Dataset items:
★ ★ ★ ★
(* Let $A$ be a finite nonempty set of positive real numbers. Then $$\left|\frac{A+A}{A+A}\right|\geq 2|A|^2-1.$$
   Context: For a finite set $A\subset\mathbb{R}$ of positive reals, $\frac{A+A}{A+A}:=\left\{\frac{a+b}{c+d}: a,b,c,d\in A\right\}$. $|X|$ denotes the cardinality of a finite set $X$. *)

From Stdlib Require Import Reals List.
Import ListNotations.
Open Scope R_scope.

Definition sumlist (A : list R) : list R :=
  flat_map (fun a => map (fun b => a + b) A) A.

Definition ratiolist (A : list R) : list R :=
  flat_map (fun s => map (fun t => s / t) (sumlist A)) (sumlist A).

Definition ratio_card (A : list R) : nat :=
  length (nodup Req_EM_T (ratiolist A)).

From Stdlib Require Import Reals RList List Wf_nat Lia Lra.
Import ListNotations.
Open Scope R_scope.

(* View each pair (a, c) of A x A as a point of the upper half plane; then
   (a + b) / (c + d) is the slope of the sum of the points (a, c) and (b, d).
   Sort the lines through the origin that carry points by slope, s_1 < ... < s_k,
   with n_i points on line i.  Every s_i is attained (take p + p), and the sums of a
   point of line i with a point of line i + 1 have slopes strictly between s_i and
   s_(i+1); such a slope is strictly increasing in the ratio of the two heights, so a
   staircase argument yields n_i + n_(i+1) - 1 distinct values.  Altogether this gives
   2 |A|^2 + 1 - n_1 - n_k ratios, and n_1 = n_k = 1 because the extreme ratios
   max A / min A and min A / max A are attained only once. *)

Lemma filter_filter_impl {T} (f g : T -> bool) (l : list T) :
  (forall x, f x = true -> g x = true) -> filter f (filter g l) = filter f l.
Proof.
  intros Hfg; induction l as [|x l IH]; simpl; [reflexivity|].
  destruct (g x) eqn:Eg; simpl; destruct (f x) eqn:Ef; rewrite ?IH; try reflexivity.
  rewrite (Hfg x Ef) in Eg; discriminate.
Qed.

Lemma length_le_1 {T} (l : list T) :
  NoDup l -> (forall x y, In x l -> In y l -> x = y) -> (length l <= 1)%nat.
Proof.
  destruct l as [|x [|y l]]; simpl; intros Hnd Heq; try lia.
  inversion Hnd as [|? ? Hx]; subst.
  exfalso; apply Hx; left; apply Heq; simpl; auto.
Qed.

Lemma length_filter_one_out {T} (p : T -> bool) (l : list T) (m : T) :
  NoDup l -> In m l -> (forall x, In x l -> p x = false <-> x = m) ->
  length l = S (length (filter p l)).
Proof.
  intros Hnd Hm Hp.
  pose proof (filter_length p l) as Hsplit.
  set (rest := filter (fun x => negb (p x)) l) in Hsplit.
  assert (Hrest : forall x, In x rest <-> x = m).
  { intros x; unfold rest; rewrite filter_In, Bool.negb_true_iff; split.
    - intros [Hx Hpx]; apply Hp; auto.
    - intros ->; split; [|apply Hp]; auto. }
  assert (length rest <= 1)%nat.
  { apply length_le_1; [apply NoDup_filter; auto|].
    intros x y Hx Hy; apply Hrest in Hx, Hy; congruence. }
  destruct rest as [|r rest'].
  - exfalso; apply (proj2 (Hrest m) eq_refl).
  - simpl in *; lia.
Qed.

Lemma NoDup_list_prod {S T} (A : list S) (B : list T) :
  NoDup A -> NoDup B -> NoDup (list_prod A B).
Proof.
  intros HA HB; induction HA as [|a A Ha HA IH]; simpl; [constructor|].
  apply NoDup_app; auto.
  - apply NoDup_map_NoDup_ForallPairs; auto. intros x y _ _ H; congruence.
  - intros p Hp1 Hp2. apply in_map_iff in Hp1 as [b [<- _]].
    apply in_prod_iff in Hp2; tauto.
Qed.

Lemma MinRlist_In (l : list R) : l <> [] -> In (MinRlist l) l.
Proof.
  induction l as [|x [|y l] IH]; intros Hne; [congruence|left; reflexivity|].
  change (In (Rmin x (MinRlist (y :: l))) (x :: y :: l)).
  unfold Rmin; destruct (Rle_dec x (MinRlist (y :: l))).
  - left; reflexivity.
  - right; apply IH; discriminate.
Qed.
★ ★ ★ ★
PROBLEM TO SOLVE:
The records above need to be written out once more, exactly.

PROBLEM SOLUTION:
(* Let $A$ be a finite nonempty set of positive real numbers. Then $$\left|\frac{A+A}{A+A}\right|\geq 2|A|^2-1.$$
   Context: For a finite set $A\subset\mathbb{R}$ of positive reals, $\frac{A+A}{A+A}:=\left\{\frac{a+b}{c+d}: a,b,c,d\in A\right\}$. $|X|$ denotes the cardinality of a finite set $X$. *)

From Stdlib Require Import Reals List.
Import ListNotations.
Open Scope R_scope.

Definition sumlist (A : list R) : list R :=
  flat_map (fun a => map (fun b => a + b) A) A.

Definition ratiolist (A : list R) : list R :=
  flat_map (fun s => map (fun t => s / t) (sumlist A)) (sumlist A).

Definition ratio_card (A : list R) : nat :=
  length (nodup Req_EM_T (ratiolist A)).

From Stdlib Require Import Reals RList List Wf_nat Lia Lra.
Import ListNotations.
Open Scope R_scope.

(* View each pair (a, c) of A x A as a point of the upper half plane; then
   (a + b) / (c + d) is the slope of the sum of the points (a, c) and (b, d).
   Sort the lines through the origin that carry points by slope, s_1 < ... < s_k,
   with n_i points on line i.  Every s_i is attained (take p + p), and the sums of a
   point of line i with a point of line i + 1 have slopes strictly between s_i and
   s_(i+1); such a slope is strictly increasing in the ratio of the two heights, so a
   staircase argument yields n_i + n_(i+1) - 1 distinct values.  Altogether this gives
   2 |A|^2 + 1 - n_1 - n_k ratios, and n_1 = n_k = 1 because the extreme ratios
   max A / min A and min A / max A are attained only once. *)

Lemma filter_filter_impl {T} (f g : T -> bool) (l : list T) :
  (forall x, f x = true -> g x = true) -> filter f (filter g l) = filter f l.
Proof.
  intros Hfg; induction l as [|x l IH]; simpl; [reflexivity|].
  destruct (g x) eqn:Eg; simpl; destruct (f x) eqn:Ef; rewrite ?IH; try reflexivity.
  rewrite (Hfg x Ef) in Eg; discriminate.
Qed.

Lemma length_le_1 {T} (l : list T) :
  NoDup l -> (forall x y, In x l -> In y l -> x = y) -> (length l <= 1)%nat.
Proof.
  destruct l as [|x [|y l]]; simpl; intros Hnd Heq; try lia.
  inversion Hnd as [|? ? Hx]; subst.
  exfalso; apply Hx; left; apply Heq; simpl; auto.
Qed.

Lemma length_filter_one_out {T} (p : T -> bool) (l : list T) (m : T) :
  NoDup l -> In m l -> (forall x, In x l -> p x = false <-> x = m) ->
  length l = S (length (filter p l)).
Proof.
  intros Hnd Hm Hp.
  pose proof (filter_length p l) as Hsplit.
  set (rest := filter (fun x => negb (p x)) l) in Hsplit.
  assert (Hrest : forall x, In x rest <-> x = m).
  { intros x; unfold rest; rewrite filter_In, Bool.negb_true_iff; split.
    - intros [Hx Hpx]; apply Hp; auto.
    - intros ->; split; [|apply Hp]; auto. }
  assert (length rest <= 1)%nat.
  { apply length_le_1; [apply NoDup_filter; auto|].
    intros x y Hx Hy; apply Hrest in Hx, Hy; congruence. }
  destruct rest as [|r rest'].
  - exfalso; apply (proj2 (Hrest m) eq_refl).
  - simpl in *; lia.
Qed.

Lemma NoDup_list_prod {S T} (A : list S) (B : list T) :
  NoDup A -> NoDup B -> NoDup (list_prod A B).
Proof.
  intros HA HB; induction HA as [|a A Ha HA IH]; simpl; [constructor|].
  apply NoDup_app; auto.
  - apply NoDup_map_NoDup_ForallPairs; auto. intros x y _ _ H; congruence.
  - intros p Hp1 Hp2. apply in_map_iff in Hp1 as [b [<- _]].
    apply in_prod_iff in Hp2; tauto.
Qed.

Lemma MinRlist_In (l : list R) : l <> [] -> In (MinRlist l) l.
Proof.
  induction l as [|x [|y l] IH]; intros Hne; [congruence|left; reflexivity|].
  change (In (Rmin x (MinRlist (y :: l))) (x :: y :: l)).
  unfold Rmin; destruct (Rle_dec x (MinRlist (y :: l))).
  - left; reflexivity.
  - right; apply IH; discriminate.
Qed.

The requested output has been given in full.